### TASK TO CARRY OUT
Output range, inclusive: from the line containing "(forall x, X" to the line containing "Q)); [intros q; apply HQ|].". Restate those lines from the data below word for word and only those.

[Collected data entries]
· · · · · · ·

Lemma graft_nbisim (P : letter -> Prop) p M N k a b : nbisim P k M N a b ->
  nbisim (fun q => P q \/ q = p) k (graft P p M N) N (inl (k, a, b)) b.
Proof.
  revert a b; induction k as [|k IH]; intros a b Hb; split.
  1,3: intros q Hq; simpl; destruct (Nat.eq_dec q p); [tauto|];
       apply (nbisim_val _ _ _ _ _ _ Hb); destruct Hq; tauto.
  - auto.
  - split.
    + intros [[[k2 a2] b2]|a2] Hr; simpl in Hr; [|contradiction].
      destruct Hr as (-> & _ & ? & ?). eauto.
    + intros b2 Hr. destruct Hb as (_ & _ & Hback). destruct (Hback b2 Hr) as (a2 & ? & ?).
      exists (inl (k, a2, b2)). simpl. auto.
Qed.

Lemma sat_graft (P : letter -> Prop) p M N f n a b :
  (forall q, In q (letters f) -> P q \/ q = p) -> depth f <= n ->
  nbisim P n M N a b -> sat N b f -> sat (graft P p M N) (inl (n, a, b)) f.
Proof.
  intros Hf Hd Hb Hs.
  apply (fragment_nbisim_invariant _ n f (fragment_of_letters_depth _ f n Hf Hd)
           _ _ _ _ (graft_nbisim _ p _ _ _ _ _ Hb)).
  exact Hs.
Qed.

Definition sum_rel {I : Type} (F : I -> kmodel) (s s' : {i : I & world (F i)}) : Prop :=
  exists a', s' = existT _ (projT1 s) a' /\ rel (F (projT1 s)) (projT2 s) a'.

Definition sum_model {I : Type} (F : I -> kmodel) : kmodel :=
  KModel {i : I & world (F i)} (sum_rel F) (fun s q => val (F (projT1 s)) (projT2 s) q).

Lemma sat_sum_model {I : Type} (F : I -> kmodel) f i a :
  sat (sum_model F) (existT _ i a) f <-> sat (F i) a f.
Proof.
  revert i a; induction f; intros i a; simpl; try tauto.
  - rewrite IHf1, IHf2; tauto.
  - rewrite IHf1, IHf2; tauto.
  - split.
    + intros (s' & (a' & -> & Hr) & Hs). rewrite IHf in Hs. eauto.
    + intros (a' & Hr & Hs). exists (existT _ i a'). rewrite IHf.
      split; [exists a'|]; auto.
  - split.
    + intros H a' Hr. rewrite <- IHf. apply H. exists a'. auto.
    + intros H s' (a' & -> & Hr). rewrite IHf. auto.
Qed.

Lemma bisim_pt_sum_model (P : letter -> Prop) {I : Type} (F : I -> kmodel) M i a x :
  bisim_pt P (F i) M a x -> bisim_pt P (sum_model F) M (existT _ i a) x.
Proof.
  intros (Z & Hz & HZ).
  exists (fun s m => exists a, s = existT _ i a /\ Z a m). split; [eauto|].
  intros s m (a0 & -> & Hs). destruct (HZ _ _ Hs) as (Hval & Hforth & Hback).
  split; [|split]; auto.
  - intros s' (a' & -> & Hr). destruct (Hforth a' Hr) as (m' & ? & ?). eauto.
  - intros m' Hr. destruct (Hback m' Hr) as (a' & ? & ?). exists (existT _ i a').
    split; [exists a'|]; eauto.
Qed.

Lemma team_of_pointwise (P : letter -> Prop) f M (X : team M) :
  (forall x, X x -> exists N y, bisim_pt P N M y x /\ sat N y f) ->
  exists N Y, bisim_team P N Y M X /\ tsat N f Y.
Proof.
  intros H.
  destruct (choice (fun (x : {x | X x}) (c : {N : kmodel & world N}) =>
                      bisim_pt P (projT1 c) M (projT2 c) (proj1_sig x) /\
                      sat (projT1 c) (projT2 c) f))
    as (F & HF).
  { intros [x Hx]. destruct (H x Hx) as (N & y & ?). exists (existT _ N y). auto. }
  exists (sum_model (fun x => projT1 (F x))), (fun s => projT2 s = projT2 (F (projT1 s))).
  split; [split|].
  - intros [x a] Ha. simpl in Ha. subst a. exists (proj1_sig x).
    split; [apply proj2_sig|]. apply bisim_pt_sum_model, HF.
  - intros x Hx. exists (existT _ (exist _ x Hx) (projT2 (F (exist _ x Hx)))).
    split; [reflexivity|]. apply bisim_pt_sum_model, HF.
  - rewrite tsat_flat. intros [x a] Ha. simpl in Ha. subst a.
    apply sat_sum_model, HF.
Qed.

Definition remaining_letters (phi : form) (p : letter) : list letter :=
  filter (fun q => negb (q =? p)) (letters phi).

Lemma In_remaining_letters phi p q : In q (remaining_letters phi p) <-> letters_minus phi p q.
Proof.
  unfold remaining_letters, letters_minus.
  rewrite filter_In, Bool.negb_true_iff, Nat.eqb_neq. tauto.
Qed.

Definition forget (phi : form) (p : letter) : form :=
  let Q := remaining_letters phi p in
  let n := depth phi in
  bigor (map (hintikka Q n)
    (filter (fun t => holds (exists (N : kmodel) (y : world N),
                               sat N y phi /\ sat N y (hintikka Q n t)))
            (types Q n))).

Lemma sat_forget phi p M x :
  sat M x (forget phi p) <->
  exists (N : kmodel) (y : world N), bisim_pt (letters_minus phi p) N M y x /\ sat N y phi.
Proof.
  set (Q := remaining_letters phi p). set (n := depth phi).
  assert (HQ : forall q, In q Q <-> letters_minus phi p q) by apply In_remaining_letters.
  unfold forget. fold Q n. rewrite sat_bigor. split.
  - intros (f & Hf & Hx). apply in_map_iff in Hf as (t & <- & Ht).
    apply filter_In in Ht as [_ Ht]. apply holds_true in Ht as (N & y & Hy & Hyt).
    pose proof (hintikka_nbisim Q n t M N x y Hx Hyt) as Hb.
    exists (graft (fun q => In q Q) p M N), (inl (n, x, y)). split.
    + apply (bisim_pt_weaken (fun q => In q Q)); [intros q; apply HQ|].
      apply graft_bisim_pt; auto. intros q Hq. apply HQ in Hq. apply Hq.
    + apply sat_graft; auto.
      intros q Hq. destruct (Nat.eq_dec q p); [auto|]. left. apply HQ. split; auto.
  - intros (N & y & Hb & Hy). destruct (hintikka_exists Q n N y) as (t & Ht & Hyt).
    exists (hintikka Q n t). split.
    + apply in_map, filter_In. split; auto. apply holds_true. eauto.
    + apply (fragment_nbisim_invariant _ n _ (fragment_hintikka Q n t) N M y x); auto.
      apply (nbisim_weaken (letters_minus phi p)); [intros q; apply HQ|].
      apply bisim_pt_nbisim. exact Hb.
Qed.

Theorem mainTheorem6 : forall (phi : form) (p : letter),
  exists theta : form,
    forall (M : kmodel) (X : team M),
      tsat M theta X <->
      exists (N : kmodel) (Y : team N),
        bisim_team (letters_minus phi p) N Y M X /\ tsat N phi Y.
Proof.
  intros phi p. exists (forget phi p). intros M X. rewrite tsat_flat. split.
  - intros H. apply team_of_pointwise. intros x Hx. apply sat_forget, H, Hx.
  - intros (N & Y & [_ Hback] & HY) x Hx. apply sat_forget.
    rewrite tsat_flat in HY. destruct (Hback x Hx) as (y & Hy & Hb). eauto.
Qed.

· · · · · · ·

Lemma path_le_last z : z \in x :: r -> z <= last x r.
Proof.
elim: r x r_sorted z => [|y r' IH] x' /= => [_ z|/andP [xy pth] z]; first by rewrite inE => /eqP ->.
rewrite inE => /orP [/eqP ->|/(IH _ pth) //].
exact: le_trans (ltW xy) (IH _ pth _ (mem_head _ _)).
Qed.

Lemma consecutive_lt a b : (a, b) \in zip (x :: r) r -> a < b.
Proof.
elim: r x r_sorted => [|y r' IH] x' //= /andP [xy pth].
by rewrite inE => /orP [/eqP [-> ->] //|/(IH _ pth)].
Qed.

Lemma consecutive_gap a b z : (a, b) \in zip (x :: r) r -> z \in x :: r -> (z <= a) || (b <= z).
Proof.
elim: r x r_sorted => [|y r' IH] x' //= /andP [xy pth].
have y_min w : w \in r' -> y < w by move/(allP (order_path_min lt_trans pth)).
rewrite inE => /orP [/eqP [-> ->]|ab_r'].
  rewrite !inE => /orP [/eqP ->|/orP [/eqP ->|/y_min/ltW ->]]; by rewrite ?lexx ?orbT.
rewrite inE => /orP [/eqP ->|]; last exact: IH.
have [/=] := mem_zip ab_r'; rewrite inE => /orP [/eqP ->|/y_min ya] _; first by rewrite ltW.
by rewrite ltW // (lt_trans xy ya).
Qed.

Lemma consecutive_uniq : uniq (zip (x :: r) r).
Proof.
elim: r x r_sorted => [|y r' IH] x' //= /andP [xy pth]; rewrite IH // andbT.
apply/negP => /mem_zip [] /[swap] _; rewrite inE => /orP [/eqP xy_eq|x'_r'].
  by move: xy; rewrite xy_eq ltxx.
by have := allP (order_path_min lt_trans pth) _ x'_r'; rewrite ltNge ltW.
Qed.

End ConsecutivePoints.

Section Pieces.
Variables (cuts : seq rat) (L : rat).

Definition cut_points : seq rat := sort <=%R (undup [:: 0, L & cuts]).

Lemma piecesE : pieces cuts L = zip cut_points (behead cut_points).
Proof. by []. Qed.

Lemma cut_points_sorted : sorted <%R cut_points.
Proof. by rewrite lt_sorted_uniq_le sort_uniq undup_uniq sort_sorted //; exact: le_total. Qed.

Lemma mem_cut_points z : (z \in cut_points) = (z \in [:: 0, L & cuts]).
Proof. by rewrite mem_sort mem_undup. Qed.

· · · · · · ·

### SOLUTION
  (forall x, X x -> exists N y, bisim_pt P N M y x /\ sat N y f) ->
  exists N Y, bisim_team P N Y M X /\ tsat N f Y.
Proof.
  intros H.
  destruct (choice (fun (x : {x | X x}) (c : {N : kmodel & world N}) =>
                      bisim_pt P (projT1 c) M (projT2 c) (proj1_sig x) /\
                      sat (projT1 c) (projT2 c) f))
    as (F & HF).
  { intros [x Hx]. destruct (H x Hx) as (N & y & ?). exists (existT _ N y). auto. }
  exists (sum_model (fun x => projT1 (F x))), (fun s => projT2 s = projT2 (F (projT1 s))).
  split; [split|].
  - intros [x a] Ha. simpl in Ha. subst a. exists (proj1_sig x).
    split; [apply proj2_sig|]. apply bisim_pt_sum_model, HF.
  - intros x Hx. exists (existT _ (exist _ x Hx) (projT2 (F (exist _ x Hx)))).
    split; [reflexivity|]. apply bisim_pt_sum_model, HF.
  - rewrite tsat_flat. intros [x a] Ha. simpl in Ha. subst a.
    apply sat_sum_model, HF.
Qed.

Definition remaining_letters (phi : form) (p : letter) : list letter :=
  filter (fun q => negb (q =? p)) (letters phi).

Lemma In_remaining_letters phi p q : In q (remaining_letters phi p) <-> letters_minus phi p q.
Proof.
  unfold remaining_letters, letters_minus.
  rewrite filter_In, Bool.negb_true_iff, Nat.eqb_neq. tauto.
Qed.

Definition forget (phi : form) (p : letter) : form :=
  let Q := remaining_letters phi p in
  let n := depth phi in
  bigor (map (hintikka Q n)
    (filter (fun t => holds (exists (N : kmodel) (y : world N),
                               sat N y phi /\ sat N y (hintikka Q n t)))
            (types Q n))).

Lemma sat_forget phi p M x :
  sat M x (forget phi p) <->
  exists (N : kmodel) (y : world N), bisim_pt (letters_minus phi p) N M y x /\ sat N y phi.
Proof.
  set (Q := remaining_letters phi p). set (n := depth phi).
  assert (HQ : forall q, In q Q <-> letters_minus phi p q) by apply In_remaining_letters.
  unfold forget. fold Q n. rewrite sat_bigor. split.
  - intros (f & Hf & Hx). apply in_map_iff in Hf as (t & <- & Ht).
    apply filter_In in Ht as [_ Ht]. apply holds_true in Ht as (N & y & Hy & Hyt).
    pose proof (hintikka_nbisim Q n t M N x y Hx Hyt) as Hb.
    exists (graft (fun q => In q Q) p M N), (inl (n, x, y)). split.
    + apply (bisim_pt_weaken (fun q => In q Q)); [intros q; apply HQ|].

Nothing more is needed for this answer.